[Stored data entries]
---*---

(* Let $n\ge1$, let $\mathcal{I}\in\{\mathcal{N},\mathcal{M}\}$ and let $\kappa$ be a cardinal. If $\mathrm{cov}(\mathcal{I})=\mathrm{cof}(\mathcal{I})=\kappa$, then there exists a linear subspace $H$ of $\mathbb{R}^n$, considered as a vector space over $\mathbb{Q}$, which is a $\kappa$-Luzin set for $\mathcal{I}$.
   Context: $\mathcal{N}$ is the $\sigma$-ideal of Lebesgue null subsets of $\mathbb{R}^n$, and $\mathcal{M}$ is the $\sigma$-ideal of meager subsets of $\mathbb{R}^n$. $\mathrm{cov}(\mathcal{I})=\min\{|\mathcal{F}|:\mathcal{F}\subseteq\mathcal{I},\ \bigcup\mathcal{F}=\mathbb{R}^n\}$. $\mathrm{cof}(\mathcal{I})=\min\{|\mathcal{F}|:\mathcal{F}\subseteq\mathcal{I},\ \forall A\in\mathcal{I}\ \exists B\in\mathcal{F}\ A\subseteq B\}$. A $\kappa$-Luzin set for $\mathcal{I}$ is a set $L\subseteq\mathbb{R}^n$ with $|L|\ge\kappa$ such that $|L\cap B|<\kappa$ for every $B\in\mathcal{I}$. *)

From Stdlib Require Import Reals QArith Qreals.
Open Scope R_scope.

(* Points of R^n are represented as functions nat -> R vanishing at all
   coordinates i >= n.  A "set" is a predicate on nat -> R. *)
Definition Rn (n : nat) (x : nat -> R) : Prop := forall i, (n <= i)%nat -> x i = 0.

Definition pset := (nat -> R) -> Prop.

Fixpoint prodR (n : nat) (f : nat -> R) : R :=
  match n with O => 1 | S m => prodR m f * f m end.
Fixpoint sumR (n : nat) (f : nat -> R) : R :=
  match n with O => 0 | S m => sumR m f + f m end.

Definition in_box (n : nat) (a b x : nat -> R) : Prop :=
  forall i, (i < n)%nat -> a i <= x i <= b i.
Definition box_vol (n : nat) (a b : nat -> R) : R := prodR n (fun i => b i - a i).

Definition null_set (n : nat) (A : pset) : Prop :=
  (forall x, A x -> Rn n x) /\
  forall eps, eps > 0 ->
    exists a b : nat -> nat -> R,
      (forall k i, a k i <= b k i) /\
      (forall x, A x -> exists k, in_box n (a k) (b k) x) /\
      (forall N, sumR N (fun k => box_vol n (a k) (b k)) <= eps).

Definition dist2 (n : nat) (x y : nat -> R) : R := sumR n (fun i => (x i - y i) ^ 2).
Definition ball (n : nat) (x : nat -> R) (r : R) (y : nat -> R) : Prop :=
  Rn n y /\ dist2 n x y < r ^ 2.
Definition closure (n : nat) (F : pset) (x : nat -> R) : Prop :=
  Rn n x /\ forall r, r > 0 -> exists y, F y /\ dist2 n x y < r ^ 2.
Definition nowhere_dense (n : nat) (F : pset) : Prop :=
  (forall x, F x -> Rn n x) /\
  ~ (exists x r, Rn n x /\ r > 0 /\ forall y, ball n x r y -> closure n F y).
Definition meager_set (n : nat) (A : pset) : Prop :=
  (forall x, A x -> Rn n x) /\
  exists F : nat -> pset, (forall k, nowhere_dense n (F k)) /\
    (forall x, A x -> exists k, F k x).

---*---

• TASK: All the entries above should come back exactly as they are written.

• YOUR SOLUTION:
(* Let $n\ge1$, let $\mathcal{I}\in\{\mathcal{N},\mathcal{M}\}$ and let $\kappa$ be a cardinal. If $\mathrm{cov}(\mathcal{I})=\mathrm{cof}(\mathcal{I})=\kappa$, then there exists a linear subspace $H$ of $\mathbb{R}^n$, considered as a vector space over $\mathbb{Q}$, which is a $\kappa$-Luzin set for $\mathcal{I}$.
   Context: $\mathcal{N}$ is the $\sigma$-ideal of Lebesgue null subsets of $\mathbb{R}^n$, and $\mathcal{M}$ is the $\sigma$-ideal of meager subsets of $\mathbb{R}^n$. $\mathrm{cov}(\mathcal{I})=\min\{|\mathcal{F}|:\mathcal{F}\subseteq\mathcal{I},\ \bigcup\mathcal{F}=\mathbb{R}^n\}$. $\mathrm{cof}(\mathcal{I})=\min\{|\mathcal{F}|:\mathcal{F}\subseteq\mathcal{I},\ \forall A\in\mathcal{I}\ \exists B\in\mathcal{F}\ A\subseteq B\}$. A $\kappa$-Luzin set for $\mathcal{I}$ is a set $L\subseteq\mathbb{R}^n$ with $|L|\ge\kappa$ such that $|L\cap B|<\kappa$ for every $B\in\mathcal{I}$. *)

From Stdlib Require Import Reals QArith Qreals.
Open Scope R_scope.

(* Points of R^n are represented as functions nat -> R vanishing at all
   coordinates i >= n.  A "set" is a predicate on nat -> R. *)
Definition Rn (n : nat) (x : nat -> R) : Prop := forall i, (n <= i)%nat -> x i = 0.

Definition pset := (nat -> R) -> Prop.

Fixpoint prodR (n : nat) (f : nat -> R) : R :=
  match n with O => 1 | S m => prodR m f * f m end.
Fixpoint sumR (n : nat) (f : nat -> R) : R :=
  match n with O => 0 | S m => sumR m f + f m end.

Definition in_box (n : nat) (a b x : nat -> R) : Prop :=
  forall i, (i < n)%nat -> a i <= x i <= b i.
Definition box_vol (n : nat) (a b : nat -> R) : R := prodR n (fun i => b i - a i).

Definition null_set (n : nat) (A : pset) : Prop :=
  (forall x, A x -> Rn n x) /\
  forall eps, eps > 0 ->
    exists a b : nat -> nat -> R,
      (forall k i, a k i <= b k i) /\
      (forall x, A x -> exists k, in_box n (a k) (b k) x) /\
      (forall N, sumR N (fun k => box_vol n (a k) (b k)) <= eps).

Definition dist2 (n : nat) (x y : nat -> R) : R := sumR n (fun i => (x i - y i) ^ 2).
Definition ball (n : nat) (x : nat -> R) (r : R) (y : nat -> R) : Prop :=
  Rn n y /\ dist2 n x y < r ^ 2.
Definition closure (n : nat) (F : pset) (x : nat -> R) : Prop :=
  Rn n x /\ forall r, r > 0 -> exists y, F y /\ dist2 n x y < r ^ 2.
Definition nowhere_dense (n : nat) (F : pset) : Prop :=
  (forall x, F x -> Rn n x) /\
  ~ (exists x r, Rn n x /\ r > 0 /\ forall y, ball n x r y -> closure n F y).
Definition meager_set (n : nat) (A : pset) : Prop :=
  (forall x, A x -> Rn n x) /\
  exists F : nat -> pset, (forall k, nowhere_dense n (F k)) /\
    (forall x, A x -> exists k, F k x).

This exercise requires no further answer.